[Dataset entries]
● ● ● ● ● ● ●

(* Let $L$ be a sublattice of $A_n$ of rank $n$. Then $$\Sigma^c(L)=\bigcup_{\nu\in\mathrm{Ext}^c(L)}\{x\in\mathbb R^{n+1}:x\ge\nu\}.$$
   Context: Let $n\ge 1$, $H_0=\{x\in\mathbb R^{n+1}:\sum_i x_i=0\}$ and $A_n=H_0\cap\mathbb Z^{n+1}$. For $x\in\mathbb R^{n+1}$, $\deg(x)=\sum_i x_i$. Write $x\le y$ iff $x_i\le y_i$ for all $i$. Let $\Sigma^{\mathbb R}(L)=\{x\in\mathbb R^{n+1}: x\not\le q\text{ for all }q\in L\}$ and let $\Sigma^c(L)$ be its topological closure in $\mathbb R^{n+1}$. $\mathrm{Ext}^c(L)$ is the set of points $x\in\Sigma^c(L)$ that are local minima of $\deg$ on $\Sigma^c(L)$, i.e. there is an open ball $B\ni x$ with $\deg(x)\le\deg(y)$ for all $y\in B\cap\Sigma^c(L)$. *)

From Stdlib Require Import Reals Lra ZArith.
Open Scope R_scope.

(* Points of R^(n+1) are represented as functions nat -> R; only the
   coordinates 0..n are ever inspected by the predicates below. *)
Definition vec := nat -> R.
Definition zvec := nat -> Z.

Definition deg (n : nat) (x : vec) : R := sum_f_R0 x n.

Definition vle (n : nat) (x y : vec) : Prop := forall i, (i <= n)%nat -> x i <= y i.

Definition dist (n : nat) (x y : vec) : R :=
  sqrt (sum_f_R0 (fun i => (x i - y i) ^ 2) n).

Definition zR (q : zvec) : vec := fun i => IZR (q i).

(* A_n = H_0 ∩ Z^(n+1); integer vectors are canonically zero beyond index n *)
Definition in_An (n : nat) (q : zvec) : Prop :=
  (sum_f_R0 (fun i => IZR (q i)) n = 0) /\ (forall i, (n < i)%nat -> q i = 0%Z).

Definition sublattice_An (n : nat) (L : zvec -> Prop) : Prop :=
  (forall q, L q -> in_An n q) /\
  L (fun _ => 0%Z) /\
  (forall p q, L p -> L q -> L (fun i => (p i - q i)%Z)).

(* L has rank n: it contains n vectors v_0..v_{n-1} linearly independent over R
   (rank <= n is automatic since L ⊆ A_n, which has rank n). *)
Definition has_rank (n : nat) (L : zvec -> Prop) : Prop :=
  exists v : nat -> zvec,
    (forall k, (k < n)%nat -> L (v k)) /\
    (forall c : nat -> R,
        (forall i, (i <= n)%nat ->
           sum_f_R0 (fun k => c k * IZR (v k i)) (Nat.pred n) = 0) ->
        forall k, (k < n)%nat -> c k = 0).

Definition SigmaR (n : nat) (L : zvec -> Prop) (x : vec) : Prop :=
  forall q, L q -> ~ vle n x (zR q).

Definition closure (n : nat) (S : vec -> Prop) (x : vec) : Prop :=
  forall eps, 0 < eps -> exists y, S y /\ dist n x y < eps.

Definition Sigmac (n : nat) (L : zvec -> Prop) : vec -> Prop :=
  closure n (SigmaR n L).

Definition Extc (n : nat) (L : zvec -> Prop) (x : vec) : Prop :=
  Sigmac n L x /\
  exists r, 0 < r /\
    forall y, dist n x y < r -> Sigmac n L y -> deg n x <= deg n y.

From Pilot Require Import Defs.
From Stdlib Require Import Reals ZArith Lra Lia Classical FunctionalExtensionality.
Open Scope R_scope.

(* A point lies in Σ^c(L) iff it is not strictly below any q ∈ L in every
   coordinate; this set is upward closed, which gives one inclusion.  For the
   other, start from x ∈ Σ^c(L) and lower its coordinates one at a time as far
   as possible, reaching ν ≤ x in Σ^c(L).  Because L has full rank in A_n it
   contains points whose coordinates other than the i-th are arbitrarily large,
   so each lowering stops at a finite value.  Minimality of ν in direction i
   and integrality of L give q ∈ L with q_i = ν_i and q_j > ν_j for j ≠ i.
   Every point y of Σ^c(L) close to ν is not strictly below q, hence y_i ≥ ν_i;
   so y ≥ ν near ν, and ν is a local minimum of deg. *)

Fixpoint rsum (m : nat) (f : nat -> R) : R :=
  match m with O => 0 | S p => rsum p f + f p end.

Lemma rsum_S m f : rsum (S m) f = rsum m f + f m.
Proof. reflexivity. Qed.

Lemma sum_f_R0_rsum f N : sum_f_R0 f N = rsum (S N) f.
Proof. induction N as [|N IH]; simpl; [ring|]. rewrite IH. reflexivity. Qed.

Lemma rsum_ext m f g : (forall k, (k < m)%nat -> f k = g k) -> rsum m f = rsum m g.
Proof.
  induction m as [|m IH]; intros H; simpl; [reflexivity|].
  rewrite IH by (intros; apply H; lia). rewrite H by lia. reflexivity.
Qed.

Lemma rsum_plus m f g : rsum m (fun k => f k + g k) = rsum m f + rsum m g.
Proof. induction m as [|m IH]; simpl; [ring|]. rewrite IH; ring. Qed.

Lemma rsum_scal m c f : rsum m (fun k => c * f k) = c * rsum m f.
Proof. induction m as [|m IH]; simpl; [ring|]. rewrite IH; ring. Qed.

Lemma rsum_opp m f : rsum m (fun k => - f k) = - rsum m f.
Proof. induction m as [|m IH]; simpl; [ring|]. rewrite IH; ring. Qed.

Lemma rsum_const m c : rsum m (fun _ => c) = INR m * c.
Proof. induction m as [|m IH]; [simpl; ring|]. rewrite rsum_S, IH, S_INR. ring. Qed.

Lemma rsum_0 m : rsum m (fun _ => 0) = 0.
Proof. rewrite rsum_const. ring. Qed.

Lemma rsum_le m f g : (forall k, (k < m)%nat -> f k <= g k) -> rsum m f <= rsum m g.
Proof.
  induction m as [|m IH]; intros H; simpl; [lra|].
  assert (f m <= g m) by (apply H; lia).
  assert (rsum m f <= rsum m g) by (apply IH; intros; apply H; lia). lra.
Qed.

Lemma rsum_nonneg m f : (forall k, 0 <= f k) -> 0 <= rsum m f.
Proof. intros Hf. induction m as [|m IH]; simpl; [lra|]. specialize (Hf m). lra. Qed.

Lemma rsum_term_le m f j : (forall k, 0 <= f k) -> (j < m)%nat -> f j <= rsum m f.
Proof.
  intros Hf. induction m as [|m IH]; intros Hj; [lia|]. rewrite rsum_S.
  destruct (Nat.eq_dec j m) as [->|Hjm].
  - pose proof (rsum_nonneg m f Hf). lra.
  - pose proof (IH ltac:(lia)). specialize (Hf m). lra.
Qed.

Lemma rsum_swap p q (f : nat -> nat -> R) :
  rsum p (fun k => rsum q (fun j => f k j)) = rsum q (fun j => rsum p (fun k => f k j)).
Proof.
  induction p as [|p IH]; simpl.
  - symmetry; apply rsum_0.
  - rewrite IH, <- rsum_plus. reflexivity.
Qed.

Definition skip (r k : nat) : nat := if Nat.ltb k r then k else S k.

Definition unskip (r l : nat) : nat := if Nat.ltb l r then l else pred l.

Lemma skip_unskip r l : l <> r -> skip r (unskip r l) = l.
Proof.
  intros H. unfold skip, unskip. destruct (Nat.ltb_spec l r);
    [destruct (Nat.ltb_spec l r) | destruct (Nat.ltb_spec (pred l) r)]; lia.
Qed.

Lemma unskip_lt r l n : (r <= n)%nat -> (l <= n)%nat -> l <> r -> (unskip r l < n)%nat.
Proof. intros. unfold unskip. destruct (Nat.ltb_spec l r); lia. Qed.

Lemma rsum_skip p r g :
  (r <= p)%nat -> rsum (S p) g = rsum p (fun k => g (skip r k)) + g r.
Proof.
  induction p as [|p IH]; intros Hr.
  - assert (r = 0%nat) by lia; subst. simpl. ring.
  - rewrite (rsum_S (S p)). destruct (Nat.eq_dec r (S p)) as [->|Hrp].
    + f_equal. apply rsum_ext. intros k Hk.
      unfold skip. destruct (Nat.ltb_spec k (S p)); [reflexivity|lia].
    + rewrite IH by lia. rewrite rsum_S.
      replace (skip r p) with (S p) by (unfold skip; destruct (Nat.ltb_spec p r); lia).
      ring.
Qed.

Lemma fin_bound (f : nat -> R) n : exists B, forall i, (i <= n)%nat -> f i <= B.
Proof.
  induction n as [|n [B HB]].
  - exists (f 0%nat). intros i Hi. replace i with 0%nat by lia. lra.
  - exists (Rmax B (f (S n))). intros i Hi. destruct (Nat.eq_dec i (S n)) as [->|Hin].
    + apply Rmax_r.
    + eapply Rle_trans; [apply HB; lia | apply Rmax_l].
Qed.

Lemma finite_min_radius (n : nat) (P : nat -> R -> Prop) :
  (forall i d d', 0 < d' <= d -> P i d -> P i d') ->
  (forall i, (i <= n)%nat -> exists d, 0 < d /\ P i d) ->
  exists d, 0 < d /\ forall i, (i <= n)%nat -> P i d.
Proof.
  intros Hmono. induction n as [|n IH]; intros H.
  - destruct (H 0%nat (le_n 0)) as [d [Hd HP]]. exists d. split; [exact Hd|].
    intros i Hi. replace i with 0%nat by lia. exact HP.
  - destruct IH as [d1 [Hd1 HP1]]; [intros; apply H; lia|].
    destruct (H (S n) (le_n _)) as [d2 [Hd2 HP2]].
    assert (Hmin : 0 < Rmin d1 d2) by (apply Rmin_pos; assumption).
    exists (Rmin d1 d2). split; [exact Hmin|]. intros i Hi.
    destruct (Nat.eq_dec i (S n)) as [->|Hin].
    + apply (Hmono _ d2); [split; [exact Hmin | apply Rmin_r] | exact HP2].
    + apply (Hmono _ d1); [split; [exact Hmin | apply Rmin_l] | apply HP1; lia].
Qed.

(** * Linear algebra: n independent vectors span R^n *)

Definition nontrivial_relation (m : nat) (w : nat -> nat -> R) : Prop :=
  exists a, (exists k, (k <= m)%nat /\ a k <> 0) /\
    forall j, (j < m)%nat -> rsum (S m) (fun k => a k * w k j) = 0.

● ● ● ● ● ● ●

WHAT YOU SHOULD DO - Collect from the data above every line that includes "Sigmac".

TASK OUTPUT -
Definition Sigmac (n : nat) (L : zvec -> Prop) : vec -> Prop :=
  Sigmac n L x /\
    forall y, dist n x y < r -> Sigmac n L y -> deg n x <= deg n y.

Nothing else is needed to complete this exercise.